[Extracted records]
Theorem mainTheorem3
  (R : realType) (d : measure_display) (T : measurableType d)
  (P : probability T R)
  (N D K M : nat)
  (z : 'I_K -> T -> 'rV[R]_N)
  (f : 'I_K -> 'rV[R]_N -> 'rV[R]_D)
  (A : 'I_M -> {set 'I_N})
  (V : 'I_M -> {set 'I_K})
  (Q : 'I_M -> Type)
  (iota : forall i : 'I_M, 'rV[R]_#|A i| -> Q i)
  (g : 'I_K -> 'rV[R]_D -> 'rV[R]_N)
  (phi : 'I_M -> 'I_K -> {set 'I_N}) :
  (forall k, diffeo_onto_image (f k)) ->
  (forall i, 2 <= #|V i|)%N ->
  (forall i k k', k \in V i -> k' \in V i -> k != k' ->
     nontrivially_invariant P (iota i) (z k) (z k')) ->
  (forall k, smooth (g k)) ->
  (forall i k, k \in V i -> #|phi i k| = #|A i|) ->
  (forall i k k', k \in V i -> k' \in V i ->
     {ae P, forall w,
        iota i (select #|A i| (phi i k) (g k (f k (z k w)))) =
        iota i (select #|A i| (phi i k') (g k' (f k' (z k' w))))}) ->
  forall i k, k \in V i ->
    forall u u' : 'rV[R]_N, (forall j, j \in A i -> u ord0 j = u' ord0 j) ->
      select #|A i| (phi i k) (g k (f k u)) =
      select #|A i| (phi i k) (g k (f k u')).
Proof.
move=> f_diffeo V2 z_invariant g_smooth _ constraint i k kV u u' uuA.
have [k' k'V kk'] := card_ge2_other (V2 i) kV.
pose h l v := select #|A i| (phi i l) (g l (f l v)).
have h_smooth l : smooth (h l).
  by apply/smooth_select/smooth_comp; [case: (f_diffeo l) | exact: g_smooth].
have [_ nontrivial] := z_invariant i k k' kV k'V kk'.
apply: (independent_outside (h_smooth k 1%N) _ uuA) => dep.
exact: nontrivial (h k) (h k') (h_smooth k) (h_smooth k') (or_introl dep)
  (constraint i k k' kV k'V).
Qed.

Exercise details
Copy out each line of the records where the string "apply" appears.

Reply
  by apply/smooth_select/smooth_comp; [case: (f_diffeo l) | exact: g_smooth].
apply: (independent_outside (h_smooth k 1%N) _ uuA) => dep.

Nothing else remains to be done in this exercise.